Most wait until winter to do this, but I do mine right away. For starters, with all the new growth of spring, my raspberry patch has become a jungle. I order to get a better look at what I’ve got going on there, I prune.
First, let me clarify. My canes are summer bearing. I get only one crop of raspberries each year. This makes my job a little easier when it comes to pruning. I simply cut away the canes that have already produced fruit. I do it after harvest because it is easiest for me to see what canes have fruited and what canes have not. Next year’s crop will grow on the new shoots of this year.

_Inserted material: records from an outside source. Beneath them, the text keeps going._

Lemma segment_endsP (b c : I) : segment_ends (b, c) ->
  [/\ B b, C c, b <= c, (C b \/ B c -> b = c) & forall z, X z -> b < z -> c <= z].
Proof.
case=> [[[Bb Cb] /= <-]|[[Bb nCb] /= sbc]].
  by split=> // z _ /ltW.
have [Cc nBc] : (C `\` B) c.
  case: altBC => _ _ /(_ b (conj Bb nCb)) [[c' sbc' CBc']|[_ maxb]].
    by rewrite (succ_in_fun sbc sbc').
  by case: sbc => _ [Xc [bc _]]; move: (maxb c Xc); rewrite leNgt bc.
case: sbc => _ [_ [bc minc]]; split=> //; first exact: ltW.
by move=> [/nCb|/nBc].
Qed.

Lemma segment_ends_seg_in (b c : I) : segment_ends (b, c) -> seg_in A b c.
Proof. by move=> bc z bz zc; left; exists (b, c) => //; apply/andP. Qed.

Lemma ray_starts_ray_in m : ray_starts m -> ray_in A m.
Proof. by move=> Mm z mz; right; exists m. Qed.

Lemma B_sub_A : B `<=` A.
Proof.
move=> b Bb; have [Cb|nCb] := pselect (C b).
  by apply: (@segment_ends_seg_in b b) (lexx b) (lexx b); left.
case: altBC => _ _ /(_ b (conj Bb nCb)) [[c sbc _]|maxb].
  by apply: (@segment_ends_seg_in b c) (lexx b) (ltW sbc.2.2.1); right.
by apply: ray_starts_ray_in (lexx b).
Qed.

Lemma C_sub_A : C `<=` A.
Proof.
move=> c Cc; have [Bc|nBc] := pselect (B c).
  by apply: (@segment_ends_seg_in c c) (lexx c) (lexx c); left.
case: altBC => _ /(_ c (conj Cc nBc)) [b sbc BCb] _.
by apply: (@segment_ends_seg_in b c) (ltW sbc.2.2.1) (lexx c); right.
Qed.

Lemma A_below_B {b z} : B b -> A z -> z < b -> exists2 c, C c & z <= c < b.
Proof.
move=> Bb Az zb.
case: Az => [[[b' c] /segment_endsP[_ Cc _ eqb'c nextc]]|[m [_ [_ maxm]] mz]].
- move=> /andP[b'z zc]; case: (ltP c b) => [cb|bc].
    by exists c => //; apply/andP.
  have b'b := le_lt_trans b'z zb.
  have ecb : c = b by apply/le_anti; rewrite bc nextc //; left.
  have eb'c : b' = c by apply: eqb'c; right; rewrite ecb.
  by move: b'b; rewrite eb'c ecb ltxx.
- by move: (maxm b (or_introl Bb)); rewrite leNgt (le_lt_trans mz zb).
Qed.

Lemma A_above_C {c z : I} : C c -> A z -> c < z -> exists2 b, B b & c < b <= z.
Proof.
move=> Cc Az cz.
case: Az => [[[b c'] /segment_endsP[Bb _ _ eqbc' nextc']]|[m [[Bm nCm] [_ maxm]] mz]].
- move=> /andP[bz zc']; case: (ltP c b) => [cb|].
    by exists b => //; apply/andP.
  rewrite le_eqVlt => /predU1P[ebc|bc].
    have ebc' : b = c' by apply: eqbc'; left; rewrite ebc.
    by move: cz; rewrite ltNge -ebc ebc' zc'.
  by move: cz; rewrite ltNge (le_trans zc' (nextc' c (or_intror Cc) bc)).
- case: (ltP c m) => [cm|mc]; first by exists m => //; apply/andP.
  have ecm : c = m by apply/le_anti; rewrite mc maxm //; right.
  by case: nCm; rewrite -ecm.
Qed.

Lemma is_fci_A : is_fci A.
Proof.
apply: is_fci_segments_rays.
- apply: sub_finite_set (finite_setX finB finC) => -[b c] /segment_endsP[Bb Cc _ _ _].
  by split.
- by apply: sub_finite_set finB => m [[]].
Qed.

Lemma lends_A : lends A = B.
Proof.
rewrite (lendsE _ (fci_left_component is_fci_A) (fci_right_component is_fci_A)).
apply/seteqP; split=> x.
- move=> [[[[b c] bc /andP[bx xc]]|[m Mm mx]] lx].
  + move: bx; rewrite le_eqVlt => /predU1P[<-|bx]; first by case/segment_endsP: bc.
    apply: contrapT => _; apply: seg_in_not_left_edge bx lx => z bz zx.
    exact: segment_ends_seg_in bc z bz (le_trans zx xc).
  + move: mx; rewrite le_eqVlt => /predU1P[<-|mx]; first by case: Mm => -[].
    apply: contrapT => _; apply: seg_in_not_left_edge mx lx => z mz _.
    exact: ray_starts_ray_in Mm z mz.
- move=> Bx; split; first exact: B_sub_A.
  have := o_bot x; rewrite le_eqVlt => /predU1P[<-|ox]; [by left | right].
  pose S := [set y | (y = o \/ X y) /\ y < x].
  have finS : finite_set S.
    apply: sub_finite_set (o |` X) _ _ => [y [] //|].
    by rewrite !finite_setU; do !split => //; apply: finite_set1.
  have [y [[_ yx] maxy]] :=
    finite_set_greatest finS (ex_intro _ o (conj (or_introl erefl) ox)).
  exists y => // z yz zx Az; have [c Cc /andP[zc cx]] := A_below_B Bx Az zx.
  have := maxy c (conj (or_intror (or_intror Cc)) cx).
  by rewrite leNgt (lt_le_trans yz zc).
Qed.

I remember the raspberry pruning mantra, “If it’s brown, cut it down.” Into the yard waste bag those canes go. I don’t like to compost thorny things. I ran into a not yet decomposed rose trunk in a compost pile once and cut myself badly. I’ll let the city and their heavy machinery compost my canes for me.

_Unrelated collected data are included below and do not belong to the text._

(* Let $G$ be a group and $V$ a normal abelian subgroup of $G$. Suppose that every chain of nested subgroups $H_0<H_1<\dots<H_m$ in $G/V$ has length $m\leqslant l$. Then the $c$-dimension of $G$ is at most $2l$. If moreover $V$ is central in $G$, then the $c$-dimension of $G$ is at most $l$.
   Context: The $c$-dimension of a group $G$ is the maximal length $k$ of a chain of nested centralizers $C_G(Y_0)<C_G(Y_1)<\dots<C_G(Y_k)$ (strict inclusions) of subsets $Y_i\subseteq G$. The length of a chain of subgroups $H_0<\dots<H_m$ (strict inclusions) is $m$. *)

Set Implicit Arguments.

Record Group : Type := {
  carrier :> Type;
  gmul : carrier -> carrier -> carrier;
  gone : carrier;
  ginv : carrier -> carrier;
  gmulA : forall x y z, gmul x (gmul y z) = gmul (gmul x y) z;
  gmul1l : forall x, gmul gone x = x;
  gmul1r : forall x, gmul x gone = x;
  gmulVl : forall x, gmul (ginv x) x = gone;
  gmulVr : forall x, gmul x (ginv x) = gone
}.

Section Defs.
Variable G : Group.

Definition subset (A B : G -> Prop) : Prop := forall x, A x -> B x.
Definition strict_subset (A B : G -> Prop) : Prop :=
  subset A B /\ ~ subset B A.

Definition is_subgroup (H : G -> Prop) : Prop :=
  H (gone G) /\
  (forall x y, H x -> H y -> H (gmul G x y)) /\
  (forall x, H x -> H (ginv G x)).

Definition is_normal (H : G -> Prop) : Prop :=
  forall h g, H h -> H (gmul G (ginv G g) (gmul G h g)).

Definition is_abelian (H : G -> Prop) : Prop :=
  forall x y, H x -> H y -> gmul G x y = gmul G y x.

Definition is_central (H : G -> Prop) : Prop :=
  forall h g, H h -> gmul G h g = gmul G g h.

Definition centralizer (Y : G -> Prop) : G -> Prop :=
  fun g => forall y, Y y -> gmul G g y = gmul G y g.

Definition cdim_le (n : nat) : Prop :=
  forall (k : nat) (Y : nat -> G -> Prop),
    (forall i, i < k -> strict_subset (centralizer (Y i)) (centralizer (Y (S i)))) ->
    k <= n.

Definition subgroup_chains_le (l : nat) : Prop :=
  forall (m : nat) (H : nat -> G -> Prop),
    (forall i, i <= m -> is_subgroup (H i)) ->
    (forall i, i < m -> strict_subset (H i) (H (S i))) ->
    m <= l.
End Defs.

Definition is_hom {G Q : Group} (f : G -> Q) : Prop :=
  forall x y, f (gmul G x y) = gmul Q (f x) (f y).

(* pi : G -> Q presents Q as the quotient G/V: a surjective homomorphism
   with kernel exactly V. *)
Definition is_quotient_map {G Q : Group} (V : G -> Prop) (pi : G -> Q) : Prop :=
  is_hom pi /\ (forall q : Q, exists g, pi g = q) /\
  (forall g, V g <-> pi g = gone Q).

(* For a centralizer C = C_G(Y) consider two subgroups of Q = G/V: the image of
   C, and the set of cosets whose elements centralize C ∩ V (well defined since V
   is abelian).  Along a chain of centralizers the first grows and the second
   shrinks, and each strict step changes one of them: if C_G(Y1) ⊆ C_G(Y2) have
   the same two subgroups, write x ∈ C_G(Y2) as c w with c ∈ C_G(Y1) and
   w ∈ V ∩ C_G(Y2); every y ∈ Y1 centralizes C_G(Y1) ∩ V, hence C_G(Y2) ∩ V,
   hence w, so x ∈ C_G(Y1).  The strict steps therefore split into a chain of
   subgroups of Q in each direction, so there are at most 2l of them.  When V is
   central the second subgroup is all of Q, so every step is strict in the image
   and there are at most l steps. *)

From Stdlib Require Import Classical Arith Lia Program.Basics.

Set Implicit Arguments.
Unset Strict Implicit.

Declare Scope group_scope.
Notation "x * y" := (gmul _ x y) : group_scope.
Notation "x ^-1" := (ginv _ x) (at level 2, left associativity, format "x ^-1")
  : group_scope.

Section GroupFacts.
Local Open Scope group_scope.
Variable G : Group.

Lemma mul_inv_cancel_l (x y : G) : x * (x^-1 * y) = y.
Proof. now rewrite gmulA, gmulVr, gmul1l. Qed.

Lemma commute_inv (a b : G) : a * b = b * a -> a^-1 * b = b * a^-1.
Proof.
  intro Hab.
  rewrite <- (gmul1r G (a^-1 * b)), <- (gmulVr G a), gmulA, <- (gmulA G _ b a).
  now rewrite <- Hab, (gmulA G _ a b), gmulVl, gmul1l.
Qed.

Lemma commute_mul (a b v : G) : a * v = v * a -> b * v = v * b -> (a * b) * v = v * (a * b).
Proof. intros Ha Hb. now rewrite <- gmulA, Hb, gmulA, Ha, <- gmulA. Qed.

Lemma centralizer_is_subgroup (Y : G -> Prop) : is_subgroup G (centralizer G Y).
Proof.
  split; [| split].
  - intros y _. now rewrite gmul1l, gmul1r.
  - intros x z Hx Hz y Hy. apply commute_mul; auto.
  - intros x Hx y Hy. apply commute_inv; auto.
Qed.

Lemma subset_refl (A : G -> Prop) : subset G A A.
Proof. now intros x. Qed.

Lemma subset_trans (A B C : G -> Prop) : subset G A B -> subset G B C -> subset G A C.
Proof. intros HAB HBC x Hx. exact (HBC x (HAB x Hx)). Qed.

Variables (Q : Group) (f : G -> Q).

Definition image (C : G -> Prop) : Q -> Prop := fun q => exists g, C g /\ f g = q.

Lemma image_mono (C D : G -> Prop) : subset G C D -> subset Q (image C) (image D).
Proof. intros HCD _ [g [Hg <-]]. exists g. auto. Qed.

Hypothesis f_hom : is_hom f.

Lemma hom_one : f (gone G) = gone Q.
Proof.
  assert (Hidem : f (gone G) * f (gone G) = f (gone G)) by now rewrite <- f_hom, gmul1l.
  transitivity ((f (gone G))^-1 * (f (gone G) * f (gone G))).
  - now rewrite gmulA, gmulVl, gmul1l.
  - rewrite Hidem. apply gmulVl.
Qed.

Lemma hom_inv (x : G) : f x^-1 = (f x)^-1.
Proof.
  rewrite <- (gmul1r Q (f x^-1)), <- (gmulVr Q (f x)), gmulA, <- f_hom, gmulVl, hom_one.
  apply gmul1l.
Qed.

Lemma image_is_subgroup (C : G -> Prop) : is_subgroup G C -> is_subgroup Q (image C).
Proof.
  intros [C1 [Cmul Cinv]]. split; [| split].
  - exists (gone G). split; [exact C1 | exact hom_one].
  - intros _ _ [g [Hg <-]] [h [Hh <-]]. exists (g * h). auto.
  - intros _ [g [Hg <-]]. exists g^-1. split; [auto | apply hom_inv].
Qed.
End GroupFacts.

Section StrictChains.
Variables (T : Type) (P : T -> Prop) (R : T -> T -> Prop).

Definition strictly (a b : T) : Prop := R a b /\ ~ R b a.

Definition strict_chain (m : nat) (H : nat -> T) : Prop :=
  (forall i, i <= m -> P (H i)) /\ (forall i, i < m -> strictly (H i) (H (S i))).

Hypothesis R_trans : forall a b c, R a b -> R b c -> R a c.

Lemma strictly_trans_l (a b c : T) : R a b -> strictly b c -> strictly a c.
Proof.
  intros Hab [Hbc Hcb]. split; [exact (R_trans Hab Hbc) |].
  intro Hca. exact (Hcb (R_trans Hca Hab)).
Qed.

Lemma strict_chain_snoc (m : nat) (H : nat -> T) (a a' : T) :
  strict_chain m H -> R (H m) a -> strictly a a' -> P a' ->
  exists H', strict_chain (S m) H' /\ H' (S m) = a'.
Proof.
  intros [HP Hstrict] Hma Haa' Pa'.
  exists (fun i => if Nat.eqb i (S m) then a' else H i).
  rewrite Nat.eqb_refl. split; [split | reflexivity].
  - intros i Hi. destruct (Nat.eqb_spec i (S m)); [exact Pa' | apply HP; lia].
  - intros i Hi. destruct (Nat.eqb_spec i (S m)); [lia |].
    destruct (Nat.eqb_spec (S i) (S m)) as [Ei | Ei].
    + replace i with m by lia. exact (strictly_trans_l Hma Haa').
    + apply Hstrict. lia.
Qed.
End StrictChains.

Lemma strict_chain_rev (T : Type) (P : T -> Prop) (R : T -> T -> Prop) m H :
  strict_chain P R m H -> strict_chain P (flip R) m (fun i => H (m - i)).
Proof.
  intros [HP Hstrict]. split.
  - intros i _. apply HP. lia.
  - intros i Hi. replace (m - i) with (S (m - S i)) by lia. apply Hstrict. lia.
Qed.

Section InterleavedChains.
Variables (T : Type) (P : T -> Prop) (R1 R2 : T -> T -> Prop).
Hypotheses (R1_refl : forall a, R1 a a) (R2_refl : forall a, R2 a a)
  (R1_trans : forall a b c, R1 a b -> R1 b c -> R1 a c)
  (R2_trans : forall a b c, R2 a b -> R2 b c -> R2 a c).

Lemma interleaved_strict_chains (k : nat) (A B : nat -> T) :
  (forall i, i <= k -> P (A i) /\ P (B i)) ->
  (forall i, i < k -> R1 (A i) (A (S i)) /\ R2 (B i) (B (S i))) ->
  (forall i, i < k -> strictly R1 (A i) (A (S i)) \/ strictly R2 (B i) (B (S i))) ->
  exists a b HA HB, a + b = k /\
    strict_chain P R1 a HA /\ R1 (HA a) (A k) /\
    strict_chain P R2 b HB /\ R2 (HB b) (B k).
Proof.
  induction k as [| k IH]; intros HP Hmono Hstep.
  - exists 0, 0, (fun _ => A 0), (fun _ => B 0).
    split; [reflexivity |].
    split; [split; [intros; apply HP; lia | intros; lia] | split; [apply R1_refl |]].
    split; [split; [intros; apply HP; lia | intros; lia] | apply R2_refl].
  - destruct IH as (a & b & HA & HB & Hk & HAc & HAk & HBc & HBk);
      [intros; apply HP; lia | intros; apply Hmono; lia | intros; apply Hstep; lia |].
    destruct (Hmono k (Nat.lt_succ_diag_r k)) as [HAmono HBmono].
    destruct (classic (strictly R1 (A k) (A (S k)))) as [HAs | HAs].
    + destruct (strict_chain_snoc R1_trans HAc HAk HAs (proj1 (HP (S k) (le_n _))))
        as (HA' & HA'c & HA'k).
      exists (S a), b, HA', HB. rewrite HA'k.
      refine (conj _ (conj HA'c (conj (R1_refl _) (conj HBc (R2_trans HBk HBmono))))). lia.
    + assert (HBs : strictly R2 (B k) (B (S k))).
      { destruct (Hstep k (Nat.lt_succ_diag_r k)); [contradiction | assumption]. }
      destruct (strict_chain_snoc R2_trans HBc HBk HBs (proj2 (HP (S k) (le_n _))))
        as (HB' & HB'c & HB'k).
      exists a, (S b), HA, HB'. rewrite HB'k.
      refine (conj _ (conj HAc (conj (R1_trans HAk HAmono) (conj HB'c (R2_refl _))))). lia.
Qed.
End InterleavedChains.

Section CentralizerChains.
Local Open Scope group_scope.
Variables (G : Group) (V : G -> Prop) (Q : Group) (pi : G -> Q).
Hypotheses (V_abelian : is_abelian G V) (pi_hom : is_hom pi)
  (pi_surj : forall q, exists g, pi g = q) (pi_ker : forall g, V g <-> pi g = gone Q).

Definition centralizing_cosets (C : G -> Prop) : Q -> Prop :=
  fun q => forall g, pi g = q -> forall v, V v -> C v -> g * v = v * g.

Lemma kernel_of_same_image (g h : G) : pi g = pi h -> V (g^-1 * h).
Proof.
  intro E. apply pi_ker. rewrite pi_hom, (hom_inv pi_hom), E. apply gmulVl.
Qed.

(* Two lifts of a coset differ by an element of V, which commutes with V. *)
Lemma centralizing_cosets_lift (C : G -> Prop) (g : G) :
  (forall v, V v -> C v -> g * v = v * g) -> centralizing_cosets C (pi g).
Proof.
  intros Hg h Eh v Hv Cv. rewrite <- (mul_inv_cancel_l g h).
  apply commute_mul; [now apply Hg |].
  apply V_abelian; [| exact Hv]. apply kernel_of_same_image. now rewrite Eh.
Qed.

Lemma centralizing_cosets_is_subgroup (C : G -> Prop) :
  is_subgroup Q (centralizing_cosets C).
Proof.
  split; [| split].
  - rewrite <- (hom_one pi_hom). apply centralizing_cosets_lift.
    intros v _ _. now rewrite gmul1l, gmul1r.
  - intros x y Hx Hy. destruct (pi_surj x) as [g <-], (pi_surj y) as [h <-].
    rewrite <- pi_hom. apply centralizing_cosets_lift.
    intros v Hv Cv. apply commute_mul; [apply Hx | apply Hy]; auto.
  - intros x Hx. destruct (pi_surj x) as [g <-].
    rewrite <- (hom_inv pi_hom). apply centralizing_cosets_lift.
    intros v Hv Cv. apply commute_inv, Hx; auto.
Qed.

Lemma centralizing_cosets_anti (C D : G -> Prop) :
  subset G C D -> subset Q (centralizing_cosets D) (centralizing_cosets C).
Proof. intros HCD q Hq g Eg v Hv Cv. apply Hq; auto. Qed.

Lemma centralizing_cosets_central :
  is_central G V -> forall C q, centralizing_cosets C q.
Proof. intros Hcentral C q g _ v Hv _. symmetry. now apply Hcentral. Qed.

Lemma centralizer_subset_of_projections (Y1 Y2 : G -> Prop) :
  subset G (centralizer G Y1) (centralizer G Y2) ->
  subset Q (image pi (centralizer G Y2)) (image pi (centralizer G Y1)) ->
  subset Q (centralizing_cosets (centralizer G Y1))
    (centralizing_cosets (centralizer G Y2)) ->
  subset G (centralizer G Y2) (centralizer G Y1).
Proof.
  intros HC Himage Hcosets x Hx.
  destruct (Himage (pi x) (ex_intro _ x (conj Hx eq_refl))) as [c [Hc Ec]].
  destruct (centralizer_is_subgroup Y1) as [_ [Y1mul _]].
  destruct (centralizer_is_subgroup Y2) as [_ [Y2mul Y2inv]].
  set (w := c^-1 * x).
  assert (Vw : V w) by now apply kernel_of_same_image.
  assert (Y2w : centralizer G Y2 w) by (apply Y2mul; [apply Y2inv, HC, Hc | exact Hx]).
  assert (Y1w : centralizer G Y1 w).
  { intros y Hy.
    assert (Hy_cosets : centralizing_cosets (centralizer G Y1) (pi y)).
    { apply centralizing_cosets_lift. intros v _ Cv. symmetry. now apply Cv. }
    symmetry. exact (Hcosets _ Hy_cosets y eq_refl w Vw Y2w). }
  replace x with (c * w) by apply mul_inv_cancel_l.
  now apply Y1mul.
Qed.

Lemma centralizer_step (Y1 Y2 : G -> Prop) :
  strict_subset G (centralizer G Y1) (centralizer G Y2) ->
  strict_subset Q (image pi (centralizer G Y1)) (image pi (centralizer G Y2)) \/
  strict_subset Q (centralizing_cosets (centralizer G Y2))
    (centralizing_cosets (centralizer G Y1)).
Proof.
  intros [HC HnC].
  destruct (classic (subset Q (image pi (centralizer G Y2)) (image pi (centralizer G Y1))))
    as [Himage | Himage]; [| left; split; [now apply image_mono | exact Himage]].
  destruct (classic (subset Q (centralizing_cosets (centralizer G Y1))
                       (centralizing_cosets (centralizer G Y2))))
    as [Hcosets | Hcosets]; [| right; split; [now apply centralizing_cosets_anti | exact Hcosets]].
  exfalso. exact (HnC (centralizer_subset_of_projections HC Himage Hcosets)).
Qed.
End CentralizerChains.

Theorem lemma2 (G : Group) (V : G -> Prop) (Q : Group) (pi : G -> Q) (l : nat) :
  is_subgroup G V -> is_normal G V -> is_abelian G V ->
  is_quotient_map V pi ->
  subgroup_chains_le Q l ->
  cdim_le G (2 * l) /\ (is_central G V -> cdim_le G l).
Proof.
  (* V is the kernel of pi, so being a normal subgroup comes for free. *)
  intros _ _ V_abelian [pi_hom [pi_surj pi_ker]] Hl.
  split.
  - intros k Y Hchain.
    destruct (interleaved_strict_chains (P := is_subgroup Q)
                (R1 := subset Q) (R2 := flip (subset Q))
                (@subset_refl Q) (@subset_refl Q) (@subset_trans Q)
                (fun A B D HAB HBD => subset_trans HBD HAB)
                (k := k) (A := fun i => image pi (centralizer G (Y i)))
                (B := fun i => centralizing_cosets V pi (centralizer G (Y i))))
      as (a & b & HA & HB & Hk & [HA_sub HA_strict] & _ & HB_chain & _).
    + intros i _. split; [apply (image_is_subgroup pi_hom), centralizer_is_subgroup |].
      now apply centralizing_cosets_is_subgroup.
    + intros i Hi. split; [apply image_mono | apply centralizing_cosets_anti]; apply Hchain, Hi.
    + intros i Hi. exact (centralizer_step V_abelian pi_hom pi_ker (Hchain i Hi)).
    + destruct (strict_chain_rev HB_chain) as [HB_sub HB_strict].
      pose proof (Hl a HA HA_sub HA_strict).
      pose proof (Hl b _ HB_sub HB_strict). lia.
  - intros Hcentral k Y Hchain.
    apply (Hl k (fun i => image pi (centralizer G (Y i)))).
    + intros i _. apply (image_is_subgroup pi_hom), centralizer_is_subgroup.
    + intros i Hi.
      destruct (centralizer_step V_abelian pi_hom pi_ker (Hchain i Hi)) as [Hs | [_ Hs]];
        [exact Hs |].
      exfalso. apply Hs. intros q _. now apply centralizing_cosets_central.
Qed.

Once everything brown is cleared, I check for anything growing outside my raspberry patch domain. Raspberries multiply by sending out suckers and I am pretty sure that they would take over the planet, given half the chance. I dig up any suckers that are out of line and pass them on to a friend in need of a raspberry patch. There’s no need to be stingy with raspberries. There will always be more coming up in the path, in the rhubarb, in the tomatoes. Those canes will get dug up and will go to my daughter’s own raspberry patch so she and her friends can eat until their bellies bust.